A new type of bioelectrochemical system, called a microbial reverse-electrodialysis chemical-production cell (MRCC), was developed to produce acid and alkali using energy derived from organic matter (acetate) and salinity gradients (NaCl solutions representative of seawater and river water). A bipolar membrane (BPM) was placed next to the anode to prevent Cl- contamination and acidification of the anolyte, and to produce protons for HCl recovery. A 5-cell paired reverse-electrodialysis (RED) stack provided the electrical energy required to overcome the BPM over-potential (0.3-0.6 V), making the overall process spontaneous. The MRCC reactor produced electricity (908 mW/m2) as well as concentrated acidic and alkaline solutions, and therefore did not require an external power supply.
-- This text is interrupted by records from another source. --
Lemma gen_vl_eval (e : expr R L) : gen_vl (fun xs : dual R L => eval (dfun xs) e).
Proof.
elim: e => /= [a|e1 IH1 e2 IH2|c e1 IH|e1 IH1 e2 IH2].
- exact: gen_delta.
- exact: gen_add.
- exact: gen_scale.
- exact: gen_max.
Qed.

Lemma gen_vlP h : gen_vl h -> exists e : expr R L, forall xs, h xs = eval (dfun xs) e.
Proof.
elim=> [x|f g _ [e1 H1] _ [e2 H2]|c f _ [e1 H1]|f g _ [e1 H1] _ [e2 H2]].
- by exists (EVar x).
- by exists (EAdd e1 e2) => xs /=; rewrite H1 H2.
- by exists (EScale c e1) => xs /=; rewrite H1.
- by exists (EMax e1 e2) => xs /=; rewrite H1 H2.
Qed.

Lemma gen_vl_sub f g : gen_vl f -> gen_vl g -> gen_vl (fun xs => f xs - g xs).
Proof.
move=> gf gg; have := gen_add gf (gen_scale (-1) gg).
by congr gen_vl; apply: funext => xs; rewrite mulN1r.
Qed.

Lemma gen_vl_pos_hom h : gen_vl h -> pos_hom h.
Proof.
move=> /gen_vlP[e He] xs ys lam lam0 ys_lam.
by rewrite !He -eval_pscale //; apply: eq_eval => a _.
Qed.

Lemma gen_vl_bounded h : gen_vl h -> exists2 B, 0 <= B & forall xs, `|h xs| <= B.
Proof.
elim=> [x|f g _ [B1 B10 H1] _ [B2 B20 H2]|c f _ [B1 B10 H1]
       |f g _ [B1 B10 H1] _ [B2 B20 H2]].
- by exists 1 => // xs; apply: normr_dfun.
- exists (B1 + B2) => [|xs]; first exact: addr_ge0.
  exact: le_trans (ler_normD _ _) (lerD (H1 xs) (H2 xs)).
- exists (`|c| * B1) => [|xs]; first exact: mulr_ge0.
  by rewrite normrM ler_wpM2l.
- exists (B1 + B2) => [|xs]; first exact: addr_ge0.
  case: (lerP (f xs) (g xs)) => _.
  + by apply: le_trans (H2 xs) _; rewrite lerDr.
  + by apply: le_trans (H1 xs) _; rewrite lerDl.
Qed.

Lemma dual_clip_hom xs t : 0 <= t -> forall x y : L,
  clip 1 (dfun xs (Order.meet x y) / t) =
    Num.min (clip 1 (dfun xs x / t)) (clip 1 (dfun xs y / t)) /\
  clip 1 (dfun xs (Order.join x y) / t) =
    Num.max (clip 1 (dfun xs x / t)) (clip 1 (dfun xs y / t)).
Proof.
move=> t0 x y; have [-> ->] := dfun_hom xs x y.
apply: (@homo_minmax _ (fun r => clip 1 (r / t))) => r s rs.
by apply/clip_homo/ler_wpM2r; rewrite ?invr_ge0.
Qed.

Lemma clip1_bnd (r : R) : -1 <= clip 1 r <= 1.
Proof. by rewrite -ler_norml normr_clip. Qed.

(* [xs] rescaled by [1/t] and truncated to [[-1, 1]], so that it is again in
   [L^*]; on the [x] with [`|xs x| <= t] it is just [xs / t]. *)
Definition dual_clip xs t (t0 : 0 <= t) : dual R L :=
  Dual (dual_clip_hom xs t0) (fun x => clip1_bnd _).

Lemma gen_vl_le_absmax h (e : expr R L) eps :
  (forall xs, h xs = eval (dfun xs) e) -> (forall xs, `|h xs| <= eps) ->
  forall xs, `|h xs| <= eps * eval (dfun xs) (absmax e).
Proof.
move=> He Hb xs; set t := eval (dfun xs) (absmax e).
have t0 : 0 <= t := absmax_ge0 _ _.
have occ a : occurs a e -> `|dfun xs a| <= t by apply: absmax_ge.
have eps0 : 0 <= eps := le_trans (normr_ge0 _) (Hb xs).
have [tpos|t_le0] := ltrP 0 t; last first.
  have {}t0 : t = 0 by apply/le_anti; rewrite t_le0.
  rewrite He (@eq_eval _ _ _ (fun a => 0 * dfun xs a)) => [|a /occ].
    by rewrite eval_pscale // mul0r normr0 t0 mulr0.
  by rewrite t0 mul0r normr_le0 => /eqP.
have -> : h xs = t * h (dual_clip xs t0).
  rewrite !He -eval_pscale //; apply: eq_eval => a /occ Ha /=.
  rewrite clip_id; first by rewrite mulrCA divff ?mulr1 // gt_eqF.
  by rewrite normrM normfV (gtr0_norm tpos) ler_pdivrMr // mul1r.
by rewrite normrM gtr0_norm // mulrC ler_pM2r.
Qed.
After a fed-batch cycle, the pHs of the chemical product solutions were 1.65 ± 0.04 and 11.98 ± 0.10, due to the production of 1.35 ± 0.13 mmol of acid, and 0.59 ± 0.14 mmol of alkali. The acid- and alkali-production efficiencies based on generated current were 58 ± 3% and 25 ± 3%. These results demonstrated proof-of-concept acid and alkali production using only renewable energy sources.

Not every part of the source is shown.